To the over-reactors who live with me, I sometimes advise, "It's not the end of the world; in fact, only the end of the world is the end of the world." Does not qualify as "memorable speech," one straightforward definition of poetry. But on a similar note, though tilted toward grown-up over-reactors, I recently stumbled on this, by the poet William Stafford:
It's All Right
Someone you trusted has treated you bad.
Someone has used you to vent their ill temper.
Did you expect anything different?
Your work--better than some others'--has languished,
neglected. Or a job you tried was too hard,
and you failed. Maybe weather or bad luck
spoiled what you did. That grudge, held against you
for years after you patched up, has flared,
and you've lost a friend for a time. Things
at home aren't so good; on the job your spirits
have sunk. But just when the worst bears down
you find a pretty bubble in your soup at noon,
and outside at work a bird says, "Hi!"
Slowly the sun creeps across the floor;
it is coming your way. It touches your shoe.

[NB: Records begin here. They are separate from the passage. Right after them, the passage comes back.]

Lemma inf_qform_scaled_set_eq {R : realType} r (M : 'M[R]_r) (c d : R)
    (Th Lam : set 'cV[R]_r) T (s : 'cV[R]_r) :
  M^T = M -> 0 < c -> (forall x, eigenvalue M x -> c <= x) -> 0 < d ->
  Th 0 -> is_cone Lam -> Th `&` cube d = Lam `&` cube d ->
  4 * \sum_i s i 0 ^+ 2 < c ^+ 2 * (T%:R * d ^+ 2) ->
  inf_qform M (invmx M *m s) (scaled_set Th T) = inf_qform M (invmx M *m s) Lam.
Proof.
move=> sM c_gt0 eigM d_gt0 Th0 Lam_cone ThLam s_small.
have M_coercive v := qform_ge_eigenvalue_lb v sM eigM.
have M_unit : M \in unitmx.
  by apply: unitmx_noeigenvalue0; apply/negP => /eigM; rewrite leNgt c_gt0.
set z := invmx M *m s; have Mz : M *m z = s by rewrite mulKVmx.
set K := Num.sqrt (T%:R : R).
have K_gt0 : 0 < K.
  rewrite sqrtr_gt0 ltr0n lt0n; apply: contraTneq s_small => ->.
  by rewrite mul0r mulr0 -leNgt mulr_ge0 // sumr_ge0 // => i _; exact: sqr_ge0.
have qform_ge0 v : 0 <= qform M v.
  apply: le_trans (M_coercive v); apply: mulr_ge0; first exact: ltW.
  by apply: sumr_ge0 => i _; exact: sqr_ge0.
have sublevel l : qform M (l - z) <= qform M (0 - z) -> cube (K * d) l.
  rewrite sub0r qformN => lz i.
  have := qform_sublevel_coord_bound i c_gt0 M_coercive lz; rewrite Mz => cl.
  have l2 : `|l i 0| ^+ 2 < (K * d) ^+ 2.
    rewrite -(ltr_pM2l (exprn_gt0 2 c_gt0)) real_normK ?num_real //.
    by rewrite exprMn sqr_sqrtr ?ler0n //; apply: le_lt_trans s_small.
  by have := normr_ge0 (l i 0); have := mulr_gt0 K_gt0 d_gt0; nra.
have Lam0 : Lam 0.
  have : (Th `&` cube d) 0 by split => // i; rewrite mxE normr0.
  by rewrite ThLam => -[].
have ThT0 : scaled_set Th T 0 by exists 0 => //; rewrite scaler0.
pose f l := qform M (l - z).
have f_ge0 E l : E l -> 0 <= f l by move=> _; exact: qform_ge0.
rewrite /inf_qform -/f (inf_image_setI (f_ge0 _) ThT0 (fun l _ => sublevel l)).
rewrite (inf_image_setI (f_ge0 _) Lam0 (fun l _ => sublevel l)).
by rewrite /scaled_set (scale_setI_cube K_gt0 Lam_cone ThLam).
Qed.
Lemma siems_den_sigmaE g x : 7/5 <= g ->
  siems_den g ^ 2 * (sigmaE g ^ 2 * x) = (15 * sigmaE_num g) ^ 2 * x.
Proof. by move=> hg; rewrite /sigmaE; field; apply/Rgt_not_eq/siems_den_pos. Qed.

Lemma siems_den_lambdaI g x : 7/5 <= g ->
  siems_den g * (lambdaI g * x) = 15 * (2*g - 1)^4 * x.
Proof. by move=> hg; rewrite /lambdaI; field; apply/Rgt_not_eq/siems_den_pos. Qed.

Section UnitCircle.
Variables (g c : R).
Hypotheses (hg : 7/5 <= g) (c_ge_m1 : -1 <= c) (c_le1 : c <= 1).

Let u_ge0 : 0 <= g - 7/5. Proof. lra. Qed.
Let y_ge0 : 0 <= (1 + c) / 2. Proof. lra. Qed.
Let y_le1 : (1 + c) / 2 <= 1. Proof. lra. Qed.

Lemma norm2_siems_a_ge1 : 1 <= circle_norm2 (siems_a g) 4 c.
Proof.
have := Rmult_le_pos (1 - c) _ ltac:(lra) (sigmaF_certificate_ge0 _ _ u_ge0 y_ge0 y_le1).
have := sigmaF_identity g c.
lra.
Qed.

Lemma norm2_siems_a_gt0 : 0 < circle_norm2 (siems_a g) 4 c.
Proof. by have := norm2_siems_a_ge1; lra. Qed.

Lemma norm2_siems_c_le :
  circle_norm2 (siems_c g) 4 c <= sigmaE g ^ 2 * circle_norm2 (siems_a g) 4 c.
Proof.
apply: (Rmult_le_reg_l (siems_den g ^ 2)); first exact/pow_lt/siems_den_pos.
rewrite siems_den_sigmaE //.
have := Rmult_le_pos (1 + c) _ ltac:(lra) (sigmaE_certificate_ge0 _ _ u_ge0 y_ge0 y_le1).
have := sigmaE_identity g c.
lra.
Qed.

Lemma lambdaI_le_dot :
  lambdaI g * circle_norm2 (siems_a g) 4 c <= circle_dot (siems_b g) 5 (siems_a g) 4 c.
Proof.
apply: (Rmult_le_reg_l (siems_den g)); first exact: siems_den_pos.
rewrite siems_den_lambdaI //.
have := Rmult_le_pos (1 + c) _ ltac:(lra) (lambdaI_certificate_ge0 _ _ u_ge0 y_ge0 y_le1).
have := lambdaI_identity g c.
lra.
Qed.
End UnitCircle.
(* Let $\ell\ge2$ and let $G$ be an $N$-AW graph. Then every vertex of degree $d\ge 2$ in $\overline{G}$ has at least $d-1$ neighbors (in $\overline{G}$) of degree at least $2$ in $\overline{G}$.
   Context: All graphs are finite and simple; $\overline{G}$ is the complement. Labels lie in $\mathbb{Z}_\ell$. In the neighborhood Lights Out game, toggling a vertex $w$ adds $1$ (mod $\ell$) to the label of each vertex of the closed neighborhood $N[w]$; the game is won when all labels are $0$; a graph is $N$-AW if every initial labeling can be won. *)

From mathcomp Require Import all_boot all_order all_algebra.
Set Implicit Arguments. Unset Strict Implicit. Unset Printing Implicit Defensive.
Import GRing.Theory.
Local Open Scope ring_scope.

Definition simple_graph (T : finType) (e : rel T) : Prop :=
  symmetric e /\ irreflexive e.

Definition closed_nbhd (T : finType) (e : rel T) (w : T) : {set T} :=
  [set v | (v == w) || e w v].

Definition toggle_seq (T : finType) (e : rel T) (l : nat)
  (lab : T -> 'Z_l) (s : seq T) : T -> 'Z_l :=
  foldl (fun f w => fun v => f v + (if v \in closed_nbhd e w then 1 else 0)) lab s.

(* Neighborhood Lights Out over Z_l: G is N-AW (always winnable). *)
Definition N_AW (T : finType) (e : rel T) (l : nat) : Prop :=
  forall lab : T -> 'Z_l, exists s : seq T, forall v, toggle_seq e lab s v = 0.

Definition compl_rel (T : finType) (e : rel T) : rel T :=
  fun x y => (x != y) && ~~ e x y.

Definition deg (T : finType) (e : rel T) (x : T) : nat := #|[set y | e x y]|.

From mathcomp Require Import all_boot all_order all_algebra.
Import GRing.Theory.

Set Implicit Arguments.
Unset Strict Implicit.
Unset Printing Implicit Defensive.

(* Two distinct vertices with the same closed neighborhood in G ("closed
   twins") receive the same increments from every toggle, so the difference of
   their labels is invariant and a labeling with different values on them can
   never be won.  A neighbor u of v in the complement with complement degree
   below 2 is adjacent there to v only, i.e. N[u] = V \ {v} in G; two such
   neighbors would be closed twins, so at most one neighbor of v is of this
   kind. *)

Lemma in_closed_nbhd (T : finType) (e : rel T) (x u : T) :
  (u \in closed_nbhd e x) = ~~ compl_rel e x u.
Proof. by rewrite inE /compl_rel negb_and !negbK eq_sym. Qed.

Lemma compl_rel_sym (T : finType) (e : rel T) :
  symmetric e -> symmetric (compl_rel e).
Proof. by move=> esym x y; rewrite /compl_rel eq_sym esym. Qed.

Lemma deg_le1_adj (T : finType) (r : rel T) (u v : T) :
  r u v -> (deg r u <= 1)%N -> forall y, r u y = (y == v).
Proof.
move=> ruv /card_le1_eqP deg_le1 y.
apply/idP/eqP => [ruy | ->] //.
by apply: deg_le1; rewrite inE.
Qed.

Section ClosedTwins.

Variables (l : nat) (T : finType) (e : rel T).

Definition closed_twins (u w : T) : Prop :=
  forall x, (u \in closed_nbhd e x) = (w \in closed_nbhd e x).

Lemma toggle_seq_twins_sub (u w : T) : closed_twins u w ->
  forall (s : seq T) (lab : T -> 'Z_l),
    (toggle_seq e lab s u - toggle_seq e lab s w = lab u - lab w)%R.
Proof.
move=> twins; elim=> [|x s IHs] lab //=.
rewrite /toggle_seq /= -/(toggle_seq _ _ _) IHs twins.
by rewrite opprD addrACA subrr addr0.
Qed.

Lemma N_AW_closed_twins_eq (u w : T) :
  N_AW e l -> closed_twins u w -> u = w.
Proof.
move=> winnable twins; apply/eqP/negPn/negP => neq_uw.
pose lab (y : T) : 'Z_l := if y == u then 1%R else 0%R.
have [s won] := winnable lab.
have := toggle_seq_twins_sub twins s lab.
rewrite !won /lab eqxx eq_sym (negbTE neq_uw) subrr subr0.
by move/esym/eqP; rewrite oner_eq0.
Qed.

End ClosedTwins.

Lemma closed_nbhd_compl_leaf (T : finType) (e : rel T) (u v : T) :
  symmetric e -> compl_rel e v u -> (deg (compl_rel e) u <= 1)%N ->
  forall x, (u \in closed_nbhd e x) = (x != v).
Proof.
move=> esym cvu deg_u x.
have csym := compl_rel_sym esym.
have cuv : compl_rel e u v by rewrite csym.
by rewrite in_closed_nbhd csym (deg_le1_adj cuv deg_u).
Qed.

Lemma compl_leaves_card_le1 (l : nat) (T : finType) (e : rel T) (v : T) :
  symmetric e -> N_AW e l ->
  (#|[set u | compl_rel e v u & (deg (compl_rel e) u <= 1)%N]| <= 1)%N.
Proof.
move=> esym winnable; apply/card_le1_eqP => u w.
rewrite !inE => /andP[cvu deg_u] /andP[cvw deg_w].
apply: (N_AW_closed_twins_eq winnable) => x.
by rewrite (closed_nbhd_compl_leaf esym cvu deg_u)
           (closed_nbhd_compl_leaf esym cvw deg_w).
Qed.

Theorem lemma4p13 (l : nat) (T : finType) (e : rel T) :
  (2 <= l)%N -> simple_graph e -> N_AW e l ->
  forall v : T, (2 <= deg (compl_rel e) v)%N ->
    (deg (compl_rel e) v - 1 <=
       #|[set u | compl_rel e v u & (2 <= deg (compl_rel e) u)%N]|)%N.
Proof.
move=> _ [esym _] winnable v _.
set big := [set u | _ & _].
have leaves := compl_leaves_card_le1 v esym winnable.
have split_nbhd : deg (compl_rel e) v =
    (#|big| + #|[set u | compl_rel e v u & (deg (compl_rel e) u <= 1)%N]|)%N.
  rewrite /deg -(cardsID big [set u | compl_rel e v u]).
  congr (_ + _)%N; apply: eq_card => u; rewrite !inE.
    by case: (compl_rel e v u).
  by case: (compl_rel e v u); rewrite //= andbT -leqNgt.
by rewrite split_nbhd leq_subLR addnC leq_add2r.
Qed.
Lemma prod_pfactor_central_gap s : P.*2 < s * s -> s <= (P.*2 %/ 3).+1 ->
  \prod_((P.*2 %/ 3).+1 <= p < P.+1) p ^ logn p C = 1.
Proof.
move=> lt_2P_ss le_sd; apply: big1_seq => p; rewrite mem_index_iota => /andP[_ /andP[lb ub]].
have [p_pr|p_npr] := boolP (prime p); last by rewrite lognE (negbTE p_npr).
rewrite logn_central_binom_eq0 //; try lia.
apply: leq_trans lt_2P_ss _; apply: leq_mul; lia.
Qed.

Lemma central_binom_le s : P.*2 < s * s -> s <= (P.*2 %/ 3).+1 ->
  C <= P.*2 ^ s * 4 ^ (P.*2 %/ 3) * P.*2 ^ size (primes_in P).
Proof.
move=> lt_2P_ss le_sd; have lt_dP : P.*2 %/ 3 < P.+1 by rewrite ltn_divLR //; lia.
rewrite /C -{1}(central_binom_factor P_gt0) -/C.
rewrite (big_cat_nat _ (n := s)) //=; last lia.
rewrite (@big_cat_nat _ _ _ (P.*2 %/ 3).+1 s) //=; last lia.
rewrite (@big_cat_nat _ _ _ P.+1 (P.*2 %/ 3).+1) //=; last lia.
rewrite (prod_pfactor_central_gap lt_2P_ss le_sd) mul1n -!mulnA.
apply: leq_mul; first by apply: leq_trans (prod_pfactor_central_le 0 s) _;
  rewrite leq_pexp2l ?double_gt0 // /index_iota subn0 -[leqRHS](size_iota 0 s) count_size.
apply: leq_mul; first exact: prod_pfactor_central_mid.
apply: leq_trans (prod_pfactor_central_le P.+1 P.*2.+1) _.
rewrite leq_pexp2l ?double_gt0 // /primes_in size_filter /index_iota.
by rewrite subSS -addnn addnK /= leq_addl.
Qed.

End CentralBinomRanges.

Lemma log_sqrt_le_pow2 l : 15 <= l -> 3 * (l + 2) * (2 ^ (l./2 + 2)).+1 <= 2 ^ l.
Proof.
elim/ltn_ind: l => l IH le15l.
have [le_l16|lt16l] := leqP l 16.
  by have /orP[/eqP->|/eqP->] : (l == 15) || (l == 16) by lia.
have [a def_l] : exists a, l = a.+2 by exists (l - 2); lia.
have lt14a : 14 < a by lia.
have := IH a; rewrite def_l /= addSn !expnS => /(_ (ltnW (ltnSn _)) lt14a).
set y := 2 ^ (a./2 + 2); set z := 2 ^ a; nia.
Qed.

Lemma primes_in_lower_large P : 2 ^ 15 <= P ->
  P <= 3 * (trunc_log 2 P + 2) * size (primes_in P).
Proof.
move=> le15P; have P_gt0 : 0 < P by apply: leq_trans le15P; rewrite expn_gt0.
set l := trunc_log 2 P; set A := l + 2; set N := size _.
(* A power of 2 above sqrt(2P): primes below s may divide 'C(2P, P) to high powers. *)
set s := 2 ^ (l./2 + 2).
have le_2l_P : 2 ^ l <= P := trunc_logP (isT : 1 < 2) P_gt0.
have lt_P_2l1 : P < 2 ^ l.+1 := trunc_log_ltn P (isT : 1 < 2).
have budget := log_sqrt_le_pow2 (trunc_log_max (isT : 1 < 2) le15P).
rewrite -/l -/s -/A in budget.
have le_2P_2A : P.*2 <= 2 ^ A by rewrite /A addn2 expnS; lia.
have lt_2P_ss : P.*2 < s * s.
  apply: leq_trans (_ : 2 ^ l.+2 <= _); first by rewrite expnS; lia.
  by rewrite -expnD leq_exp2l //; have := odd_double_half l; case: (odd l) => /=; lia.
have le_sd : s <= (P.*2 %/ 3).+1.
  have : 3 * s.+1 <= 3 * A * s.+1 by rewrite leq_mul2r /A; lia.
  by move/leq_trans/(_ budget); lia.
clearbody A.
have pow_le k : P.*2 ^ k <= 2 ^ (A * k).
  by rewrite expnM; case: k => [|k]; rewrite ?expn0 ?leq_exp2r.
have pow4 k : 4 ^ k = 2 ^ k.*2 by rewrite -[4]/(2 ^ 2) -expnM mul2n.
have : 2 ^ P.*2 <= 2 ^ (A + A * s + (P.*2 %/ 3).*2 + A * N).
  rewrite -pow4 !expnD -!pow4; apply: leq_trans (central_binom_ge P_gt0) _.
  rewrite -!mulnA; apply: leq_mul; first exact: le_2P_2A.
  apply: leq_trans (central_binom_le P_gt0 lt_2P_ss le_sd) _.
  rewrite -mulnA; apply: leq_mul; first exact: pow_le.
  by apply: leq_mul; last exact: pow_le.
rewrite leq_exp2l //; nia.
Qed.

Lemma mem_primes_in P q : (q \in primes_in P) = prime q && (P <= q <= P.*2).
Proof. by rewrite mem_filter mem_iota addnS ltnS addnn. Qed.

Lemma size_primes_in_le P : size (primes_in P) <= P.+1.
Proof. by rewrite size_filter -[leqRHS](size_iota P) count_size. Qed.

Lemma primes_in_gt0_chain q (qs : seq nat) P :
  all prime (q :: qs) -> path (fun a b => b <= a.+1.*2) q qs ->
  q <= P.*2 -> P <= last q qs -> 0 < size (primes_in P).
Proof.
elim: qs q => [|q' qs IH] q /= /andP[q_pr qs_pr].
  move=> _ le_q_2P le_Pq; rewrite -has_predT; apply/hasP.
  by exists q; rewrite ?mem_primes_in ?q_pr ?le_Pq.
move=> /andP[le_q'_2q chain] le_q_2P le_P_last.
have [le_Pq|lt_qP] := leqP P q.
  by rewrite -has_predT; apply/hasP; exists q; rewrite ?mem_primes_in ?q_pr ?le_Pq.
by apply: IH chain _ le_P_last => //; lia.
Qed.

Lemma primes_in_gt0_small P : 2 <= P -> P < 2 ^ 15 -> 0 < size (primes_in P).
Proof.
move=> le2P lt_P_215.
apply: (@primes_in_gt0_chain 2
  [:: 3; 5; 11; 23; 47; 89; 179; 359; 719; 1439; 2879; 5749; 11497; 22993; 45979]).
- by vm_compute.
- by vm_compute.
- lia.
- by apply: leq_trans (ltnW lt_P_215) _; vm_compute.
Qed.

Lemma primes_in_lower P : 2 <= P ->
  P <= 2 ^ 15 * (trunc_log 2 P + 2) * size (primes_in P).
Proof.
move=> le2P; have [le15P|lt_P_215] := leqP (2 ^ 15) P.
  apply: leq_trans (primes_in_lower_large le15P) _.
  by apply: leq_mul => //; apply: leq_mul.
have := primes_in_gt0_small le2P lt_P_215.
move: lt_P_215; set c := 2 ^ 15; set N := size _; nia.
Qed.

Lemma primes_density_ge n P : 0 < n -> 2 <= P -> P <= 2 ^ n.+1 ->
  8 * P * (3 + n %/ trunc_log 2 P) <= 120 * 2 ^ 15 * n * size (primes_in P).
Proof.
move=> n_gt0 le2P le_P_2n; have := primes_in_lower le2P.
set l := trunc_log 2 P; set L := n %/ l; set N := size _; set C := 2 ^ 15.
have l_gt0 : 0 < l by rewrite trunc_log_gt0.
have le_ln : l <= n.+1.
  by rewrite -(leq_exp2l _ _ (isT : 1 < 2)); apply: leq_trans le_P_2n; apply: trunc_logP; lia.
have le_Ll_n : L * l <= n by apply: leq_divM.
have : (l + 2) * (3 + L) <= 15 * n by nia.
move=> budget le_P; apply: leq_trans (_ : 8 * (C * (l + 2) * N) * (3 + L) <= _).
  by rewrite leq_mul2r leq_mul2l le_P !orbT.
have -> : 8 * (C * (l + 2) * N) * (3 + L) = 8 * C * N * ((l + 2) * (3 + L)) by ring.
have -> : 120 * C * n * N = 8 * C * N * (15 * n) by ring.
by rewrite leq_mul2l budget orbT.
Qed.

(** * Heavy sums in residue classes *)

Lemma sum_eq_mod (F : nat -> nat) p t : 0 < p ->
  \sum_(r < p) (t %% p == r) * F r = F (t %% p).
Proof.
move=> p_gt0; rewrite (bigD1 (Ordinal (ltn_pmod t p_gt0))) //= eqxx mul1n big1 ?addn0 //.
by move=> r; rewrite -val_eqE /= eq_sym => /negbTE ->.
Qed.

Lemma count_mod_eq_lt n P (ps : seq nat) a b : 0 < P ->
  uniq ps -> all prime ps -> {in ps, forall p, P <= p} ->
  a != b -> a < 2 ^ n -> b < 2 ^ n ->
  count (fun p => a %% p == b %% p) ps * trunc_log 2 P < n.
Proof.
move=> P_gt0 ps_uniq ps_pr ps_ge.
wlog lt_ba : a b / b < a => [hwlog|_ lt_a lt_b].
  move=> neq_ab lt_a lt_b; have [lt_ab|lt_ba|eq_ab] := ltngtP a b.
  - rewrite (eq_count (a2 := fun p => b %% p == a %% p)) => [|p]; last exact: eq_sym.
    by apply: hwlog; rewrite // eq_sym.
  - exact: hwlog.
  - by rewrite eq_ab eqxx in neq_ab.
rewrite -size_filter; set qs := filter _ ps.
have dvd_ab : \prod_(p <- qs) p %| a - b.
  apply: prod_uniq_primes_dvd; first exact: filter_uniq.
    by apply/allP => p; rewrite mem_filter => /andP[_ /(allP ps_pr)].
  by apply/allP => p; rewrite mem_filter => /andP[eq_ab _]; rewrite -eqn_mod_dvd // ltnW.
have le_Pqs : P ^ size qs <= \prod_(p <- qs) p.
  rewrite -iter_muln_1 -[size qs]count_predT -big_const_seq big_seq_cond [leqRHS]big_seq_cond.
  by apply: leq_prod => p /andP[]; rewrite mem_filter => /andP[_ /ps_ge].
have le_2l_P : 2 ^ (trunc_log 2 P * size qs) <= P ^ size qs.
  by rewrite expnM; case: (size qs) => [|e]; rewrite ?expn0 ?leq_exp2r ?trunc_logP.
rewrite mulnC -(ltn_exp2l _ _ (isT : 1 < 2)).
apply: leq_ltn_trans le_2l_P _; apply: leq_ltn_trans le_Pqs _.
apply: leq_ltn_trans (dvdn_leq _ dvd_ab) _; rewrite ?subn_gt0 //; lia.
Qed.

Lemma sum_nat_bool_count (T : Type) (a : pred T) (s : seq T) :
  \sum_(x <- s) (a x : nat) = count a s.
Proof. by rewrite -sum1_count [RHS]big_mkcond; apply: eq_bigr => x _; case: (a x). Qed.
Lemma zero_on_diag_down N g (s : int) :
  harm_interior N g -> s <= N%:Z - 2 ->
  zero_on_diag N g (s + 1) -> zero_on_diag N g (s + 2) ->
  (inGamma N (0, s) -> g (0, s) = 0) ->
  zero_on_diag N g s.
Proof.
move=> hg sN z1 z2 corner.
suff walk n : forall x y, inGamma N (x, y) -> x + y = s -> x = n%:Z -> g (x, y) = 0.
  move=> x y xyG xys; apply: (walk (absz x)) => //.
  by move: xyG; rewrite /inGamma /=; lia.
elim: n => [|n IH] x y xyG xys hn.
  have E : (x, y) = (0, s) by congr pair; lia.
  by rewrite E; apply: corner; rewrite -E.
have xy := xyG; rewrite /inGamma /= in xy.
have step := hg x (y + 1) ltac:(lia) ltac:(lia).
rewrite addrK (IH (x - 1) (y + 1)) ?(z2 (x + 1) (y + 1)) ?(z2 x (y + 1 + 1))
  ?(z1 x (y + 1)) in step; first by move: step; rewrite !(add0r, addr0) mulr0.
all: rewrite /inGamma /=; lia.
Qed.

(* The label (true, b, i) stands for H^+_{>=i} (b = true) or H^+_{<=-i}
   (b = false), and (false, b, i) likewise for H^-, as in the indexing of the
   families of the theorem. *)
Definition Hdiag (N : nat) (l : bool * bool * nat) (H : pt -> int) : Prop :=
  match l with
  | (true, true, i) => Hge (dplus (N%:Z - 1)) i%:Z H
  | (true, false, i) => Hle (dplus (N%:Z - 1)) (- i%:Z) H
  | (false, true, i) => Hge (dminus 0) i%:Z H
  | (false, false, i) => Hle (dminus 0) (- i%:Z) H
  end.

Lemma Hdiag_of_and4 N (F : bool * bool -> pt -> int) (i : nat) :
  let dP := dplus (N%:Z - 1) in let dM := dminus 0 in
  [/\ Hge dP i%:Z (F (true, true)), Hle dP (- i%:Z) (F (true, false)),
      Hge dM i%:Z (F (false, true)) & Hle dM (- i%:Z) (F (false, false))] ->
  forall k, Hdiag N (k, i) (F k).
Proof. by move=> dP dM [? ? ? ?] [[] []]. Qed.

(* With h := height N k v, the point v lies on d^+_h, d^+_{-h}, d^-_h or d^-_{-h}
   according as k is (true, true), (true, false), (false, true) or (false, false). *)
Definition height (N : nat) (k : bool * bool) (v : pt) : int :=
  match k with
  | (true, true) => v.1 + v.2 - (N%:Z - 1)
  | (true, false) => N%:Z - 1 - (v.1 + v.2)
  | (false, true) => v.1 - v.2
  | (false, false) => v.2 - v.1
  end.

Lemma Hdiag_harmZ2 N l H : Hdiag N l H -> harmZ2 H.
Proof. by case: l => [[[] []] i] []. Qed.

Lemma Hdiag_below N l H v : Hdiag N l H -> height N l.1 v < l.2%:Z -> H v = 0.
Proof.
case: l => [[[] []] i] [_ vanish _] /= hv.
- by apply: (vanish (v.1 + v.2 - (N%:Z - 1))); rewrite /dplus; lia.
- by apply: (vanish (v.1 + v.2 - (N%:Z - 1))); rewrite /dplus; lia.
- by apply: (vanish (v.1 - v.2)); rewrite /dminus; lia.
- by apply: (vanish (v.1 - v.2)); rewrite /dminus; lia.
Qed.

Lemma Hdiag_level N l H v :
  Hdiag N l H -> height N l.1 v = l.2%:Z -> H v = 1 \/ H v = -1.
Proof.
by case: l => [[[] []] i] [_ _ level] /= hv; apply: level; rewrite /dplus /dminus; lia.
Qed.

(* The index ~~ odd N of H^+_{>= ~~ odd N} is the one whose diagonal passes
   through the centre of Gamma_N. *)
Definition valid_label (N : nat) (l : bool * bool * nat) : bool :=
  match l with
  | (true, true, i) => (i < N)%N && ((i == ~~ odd N :> nat) || (1 < i)%N)
  | (_, _, i) => (0 < i < N)%N
  end.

John Prine, visibly scarred on the occasion by more than one cancer surgery, has a song I like on the same subject:
The lyric to the second stanza goes:
I was sitting in the bathtub counting my toes
When the radiator broke, the water all froze
I was stuck in the ice without my clothes
Naked as the eyes of a clown.
I was crying ice cubes, hoping I'd croak
When the sun come through the window, the ice all broke
I stood up and laughed, thought it was a joke
That's the way that the world goes 'round.
As has been pointed out, saying "Calm down" has had the desired effect never, for no one, but maybe these can help.